Use of gene expression profiles to identify feasible metabolic pathways in Msm
The Msm transcriptome
A gene-expression profile collected for the whole genome for cells grown in reference condition indicates that nearly the entire genome was probed in the array. The reference medium is composed of Middlebrook 7H9 broth, supplemented with glucose, glycerol and Tween 80 and reflects a standard wild type condition. We term this as the `reference condition hereafter. The expression patterns for the 2 biological replicates were seen to be highly similar (Figure 2) with a very high correlation coefficient (R = 0.99). Hence, average gene expression was calculated for the samples and the value has been used for other analyses . Frequency distributions of normalized gene expression in the replicate arrays showing similar pattern in both, reflects a normal distribution. About 5018, 3278, 1597 and 676 genes out of 6761 genes probed using the microarray chip showed values higher than 25th, 50th, 75th and 90th percentile expression respectively (Additional file 2).

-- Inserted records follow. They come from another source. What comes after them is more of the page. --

Let lie_brA_comb u v w : lie_br A (sl2_comb A u v w) = sl2_comb A (- (2 * mu) * w) 0 v.
Proof.
rewrite /sl2_comb !lie_brDr !lie_brZr lie_brxx lie_brAH scaler0 scale0r add0r addr0.
by rewrite scalerA addrC mulrC.
Qed.

Let lie_brD_comb u v w : lie_br D (sl2_comb A u v w) = sl2_comb A 0 (2 * mu * w) (- u).
Proof.
rewrite /sl2_comb !lie_brDr !lie_brZr lie_brxx lie_brDH scaler0 scale0r addr0 add0r.
by rewrite scalerA [lie_br D A]lie_brC scalerN scaleNr addrC mulrC.
Qed.

Let lie_brH_comb u v w :
  lie_br H (sl2_comb A u v w) = sl2_comb A (2 * mu * u) (- (2 * mu) * v) 0.
Proof.
rewrite /sl2_comb !lie_brDr !lie_brZr lie_brxx [lie_br H A]lie_brC [lie_br H D]lie_brC.
rewrite lie_brAH lie_brDH scaler0 scale0r !addr0 scaleNr opprK !scalerN !scalerA.
by rewrite -scaleNr [u * _]mulrC [v * _]mulrC mulNr.
Qed.

Lemma lie_br_sl2_comb u v w u' v' w' :
  lie_br (sl2_comb A u v w) (sl2_comb A u' v' w') =
  sl2_comb A (2 * mu * (w * u' - u * w')) (2 * mu * (v * w' - w * v')) (u * v' - v * u').
Proof.
rewrite {1}/sl2_comb !lie_brDl !lie_brZl lie_brA_comb lie_brD_comb lie_brH_comb.
by rewrite !sl2_combZ !sl2_combD; apply: f_equal3; ring.
Qed.

Let mxtrace_mu_eq0 (X : 'M[C]_n) : \tr (mu *: X) = 0 -> \tr X = 0.
Proof. by rewrite mxtraceZ => /eqP; rewrite mulf_eq0 (negbTE mu_neq0) => /eqP. Qed.

Let trA : \tr A = 0.
Proof. by apply: mxtrace_mu_eq0; rewrite -ADA mxtrace_mulC mulmxA AA mul0mx mxtrace0. Qed.

Let trD : \tr D = 0.
Proof. by apply: mxtrace_mu_eq0; rewrite -DAD mxtrace_mulC mulmxA DD mul0mx mxtrace0. Qed.

Lemma mxtrace_sl2_comb u v w : \tr (sl2_comb A u v w) = 0.
Proof. by rewrite /sl2_comb !mxtraceD !mxtraceZ trA trD mxtrace_lie_br !mulr0 !addr0. Qed.

Let mxtrace_sl2_comb_mul u v w (X : 'M[C]_n) :
  \tr (sl2_comb A u v w *m X) = u * \tr (A *m X) + v * \tr (D *m X) + w * \tr (H *m X).
Proof. by rewrite /sl2_comb 2!mulmxDl 2!mxtraceD -!scalemxAl !mxtraceZ. Qed.

Let trHA : \tr (H *m A) = 0.
Proof.
by rewrite /lie_br mulmxBl raddfB /= ADA -mulmxA AA mulmx0 mxtraceZ trA mulr0 mxtrace0 subr0.
Qed.

Let trHD : \tr (H *m D) = 0.
Proof.
by rewrite /lie_br mulmxBl raddfB /= DAD -mulmxA DD mulmx0 mxtraceZ trD mulr0 mxtrace0 subr0.
Qed.

Let trHH : \tr (H *m H) = 2 * mu * \tr (A *m D).
Proof.
rewrite {1}/lie_br mulmxBl !mulmxBr !mulmxA ADA -(mulmxA D A A) -(mulmxA A D D) AA DD.
rewrite !mulmx0 DAD -!scalemxAl !raddfB /= !mxtraceZ [\tr (D *m A)]mxtrace_mulC !mul0mx.
by rewrite mxtrace0; ring.
Qed.

Definition sl2_transfer m (B : 'M[C]_m) (X : 'M[C]_n) :=
  let t := \tr (A *m D) in
  sl2_comb B (\tr (X *m D) / t) (\tr (X *m A) / t) (\tr (X *m H) / (2 * mu * t)).

Lemma sl2_transfer_comb m (B : 'M[C]_m) u v w :
  sl2_transfer B (sl2_comb A u v w) = sl2_comb B u v w.
Proof.
have t_neq0 : \tr (A *m D) != 0 by rewrite lt0r_neq0 ?mxtrace_mul_adjmx_gt0.
have mut_neq0 : 2 * mu * \tr (A *m D) != 0 by rewrite !mulf_neq0 ?pnatr_eq0.
rewrite /sl2_transfer !mxtrace_sl2_comb_mul AA DD !mxtrace0 trHA trHD trHH.
rewrite [\tr (A *m H)]mxtrace_mulC [\tr (D *m H)]mxtrace_mulC trHA trHD.
by rewrite [\tr (D *m A)]mxtrace_mulC !mulr0 !addr0 !add0r !mulfK.
Qed.

Lemma sl2_transfer_linear m (B : 'M[C]_m) (r s : C) X Y :
  sl2_transfer B (r *: X + s *: Y) = r *: sl2_transfer B X + s *: sl2_transfer B Y.
Proof.
rewrite /sl2_transfer !sl2_combZ sl2_combD; apply: f_equal3;
  by rewrite !mulmxDl -!scalemxAl mxtraceD !mxtraceZ; ring.
Qed.

End Sl2Generator.

Lemma gen_real_lie_subalg n (G : 'M[C]_n -> Prop) : real_lie_subalg (gen_real_lie G).
Proof.
split; [|split; [|split]] => [S [S0 _] _ //|X Y gX gY|r X gX|X Y gX gY] S SS GS;
  have [_ [SD [SZ SB]]] := SS.
- by apply: SD; [apply: gX | apply: gY].
- by apply: SZ; apply: gX.
- by apply: SB; [apply: gX | apply: gY].
Qed.

Lemma gen_real_lie_base n (G : 'M[C]_n -> Prop) X : G X -> gen_real_lie G X.
Proof. by move=> GX S _; apply. Qed.

Lemma real_lie_iso_ext n m (L L' : 'M[C]_n -> Prop) (M M' : 'M[C]_m -> Prop) :
  (forall X, L' X <-> L X) -> (forall Z, M' Z <-> M Z) ->
  real_lie_iso L M -> real_lie_iso L' M'.
Proof.
move=> LL MM [f [fM [finj [fsurj [flin fbr]]]]]; exists f.
split; [|split; [|split; [|split]]].
- by move=> X /LL /fM /MM.
- by move=> X Y /LL LX /LL LY; apply: finj.
- by move=> Z /MM /fsurj [X [/LL LX fX]]; exists X.
- by move=> r s X Y /LL LX /LL LY; apply: flin.
- by move=> X Y /LL LX /LL LY; apply: fbr.
Qed.

Definition su2_gens n (A : 'M[C]_n) (X : 'M[C]_n) : Prop :=
  X = A - adjmx A \/ X = 'i *: A + 'i *: adjmx A \/ X = 'i *: lie_br A (adjmx A).

Definition su2_form n (A : 'M[C]_n) (X : 'M[C]_n) : Prop :=
  exists u w, w^* = - w /\ X = sl2_comb A u (- u^*) w.

Section RealForm.
Variables (n : nat) (A : 'M[C]_n) (mu : C).
Hypothesis genA : sl2_gen A mu.

Lemma su2_form_subalg : real_lie_subalg (su2_form A).
Proof.
split; [|split; [|split]].
- by exists 0, 0; rewrite rmorph0 oppr0 sl2_comb0.
- move=> _ _ [u [w [w_im ->]]] [u' [w' [w'_im ->]]]; exists (u + u'), (w + w').
  by rewrite sl2_combD !rmorphD /= w_im w'_im !opprD.
- move=> r _ [u [w [w_im ->]]]; exists (r%:C * u), (r%:C * w).
  by rewrite sl2_combZ !rmorphM /= conjC_real_complex w_im !mulrN.
- move=> _ _ [u [w [w_im ->]]] [u' [w' [w'_im ->]]].
  have mu_real := conj_sl2_gen genA.
  exists (2 * mu * (w * u' - u * w')), (u * - u'^* - - u^* * u').
  rewrite (lie_br_sl2_comb genA); split; last apply: f_equal3.
  all: by rewrite ?(rmorphM, rmorphB, rmorphN) /= ?conjCK ?rmorph_nat ?w_im ?w'_im ?mu_real; ring.
Qed.

Lemma gen_real_lie_su2_form X : gen_real_lie (su2_gens A) X <-> su2_form A X.
Proof.
split.
- move=> genX; apply: genX su2_form_subalg _ => _ [->|[->|->]].
  + exists 1, 0; split; first by rewrite rmorph0 oppr0.
    by rewrite /sl2_comb rmorph1 scale1r scaleN1r scale0r addr0.
  + exists 'i, 0; split; first by rewrite rmorph0 oppr0.
    by rewrite /sl2_comb conjCi opprK scale0r addr0.
  + exists 0, 'i; split; first by rewrite conjCi.
    by rewrite /sl2_comb rmorph0 oppr0 !scale0r !add0r.
case=> u [w [w_im ->]].
have -> : w = 'i * (complex.Im w)%:C.
  by rewrite complexIm {1}[w]Crect ReE w_im subrr mul0r add0r.
rewrite [u]complexE rmorphD rmorphM /= conjCi !conjC_real_complex opprD mulNr opprK.
have [_ [genD [genZ _]]] := gen_real_lie_subalg (su2_gens A).
rewrite sl2_comb_real_span; apply: (genD); [apply: (genD)|]; apply: (genZ).
all: by apply: gen_real_lie_base; rewrite /su2_gens; auto.
Qed.

End RealForm.

Lemma sl2_gen_iso n m (A : 'M[C]_n) (B : 'M[C]_m) mu :
  sl2_gen A mu -> sl2_gen B mu -> real_lie_iso (su2_form A) (su2_form B).
Proof.
move=> genA genB; exists (sl2_transfer A mu B).
split; [|split; [|split; [|split]]].
- by move=> _ [u [w [w_im ->]]]; rewrite (sl2_transfer_comb genA); exists u, w.
- move=> _ _ [u [w [_ ->]]] [u' [w' [_ ->]]].
  rewrite !(sl2_transfer_comb genA) => /(congr1 (sl2_transfer B mu A)).
  by rewrite !(sl2_transfer_comb genB).
- move=> _ [u [w [w_im ->]]]; exists (sl2_comb A u (- u^*) w).
  by rewrite (sl2_transfer_comb genA); split => //; exists u, w.
- by move=> r s X Y _ _; apply: sl2_transfer_linear.
- move=> _ _ [u [w [_ ->]]] [u' [w' [_ ->]]].
  by rewrite (lie_br_sl2_comb genA) !(sl2_transfer_comb genA) (lie_br_sl2_comb genB).
Qed.

Section Su2Model.
Variable mu : C.
Hypothesis mu_gt0 : 0 < mu.
Local Notation s := (sqrtC mu).

Definition sl2_model : 'M[C]_2 := s *: delta_mx 0 1.

Let conj_s : s^* = s. Proof. exact: conj_Creal (sqrtC_real (ltW mu_gt0)). Qed.
Let s_neq0 : s != 0. Proof. by rewrite sqrtC_eq0 lt0r_neq0. Qed.
Let ss : s * s = mu. Proof. by rewrite -expr2 sqrtCK. Qed.
Let conj_mu : mu^* = mu. Proof. exact: conj_Creal (gtr0_real mu_gt0). Qed.

Let mulmxZZ (a b : C) (X Y : 'M[C]_2) : (a *: X) *m (b *: Y) = (a * b) *: (X *m Y).
Proof. by rewrite -scalemxAl -scalemxAr scalerA. Qed.

Let adjmx_model : adjmx sl2_model = s *: delta_mx 1 0.
Proof.
by rewrite adjmxZ conj_s; congr (_ *: _); apply/matrixP => i j; rewrite !mxE rmorph_nat andbC.
Qed.

Lemma sl2_gen_model : sl2_gen sl2_model mu.
Proof.
split => //.
- apply: contraNneq s_neq0 => /matrixP/(_ 0 1); rewrite !mxE => <-.
  by rewrite !eqxx mulr1.
- by rewrite mulmxZZ mul_delta_mx_0 ?scaler0.
- by rewrite adjmx_model /sl2_model !mulmxZZ !mul_delta_mx ss scalerA.
Qed.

Identifying feasible metabolic pathways
In order to identify metabolic pathways active in Msm in log phase cultures in the reference condition, we map inferred enzyme abundances from gene expression values of individual genes, for all pathways in the organism listed in standard databases, KEGG and BioCyc ,. For a pathway to be active, enzymes in it must be expressed in detectable quantities. Although gene-expression does not always directly correlate with protein abundances, transcription data is clearly suggestive of whether or not a protein is present in detectable quantities. Moderate correlation between expression levels and protein abundances has been reported for bacterial systems ,. 338 pathways are identified for Msm that combines knowledge of experimentally known pathways from literature along with those inferred from genome sequence analysis. Genes corresponding to enzymes in expected pathways including central carbon metabolism, amino acid biosynthesis, purine and pyrimidine biosynthesis, fatty acid metabolism, mycolic acid biosynthesis are all expressed, as expected. Figure 3a and b shows gene expression pattern corresponding to enzymes in some pathways (data for all 338 pathways is given in Additional file 2), which illustrates that many pathways including those of central carbon metabolism, as expected, appear active owing to expression of all required genes. However expression levels vary from low to high, which is quite understandable owing to their individual biochemical properties. In all, 257 pathways can be considered to be active in the condition studied (for example, the first and second row in Figure 3b). There are about 14 pathways in which the genes show no expression (for example, last row in Figure 3b), and about 57 pathways where few genes in them are expressed whereas 75 pathways had most of the genes expressed. The latter have implications of ease of adaptability (discussed in a later section).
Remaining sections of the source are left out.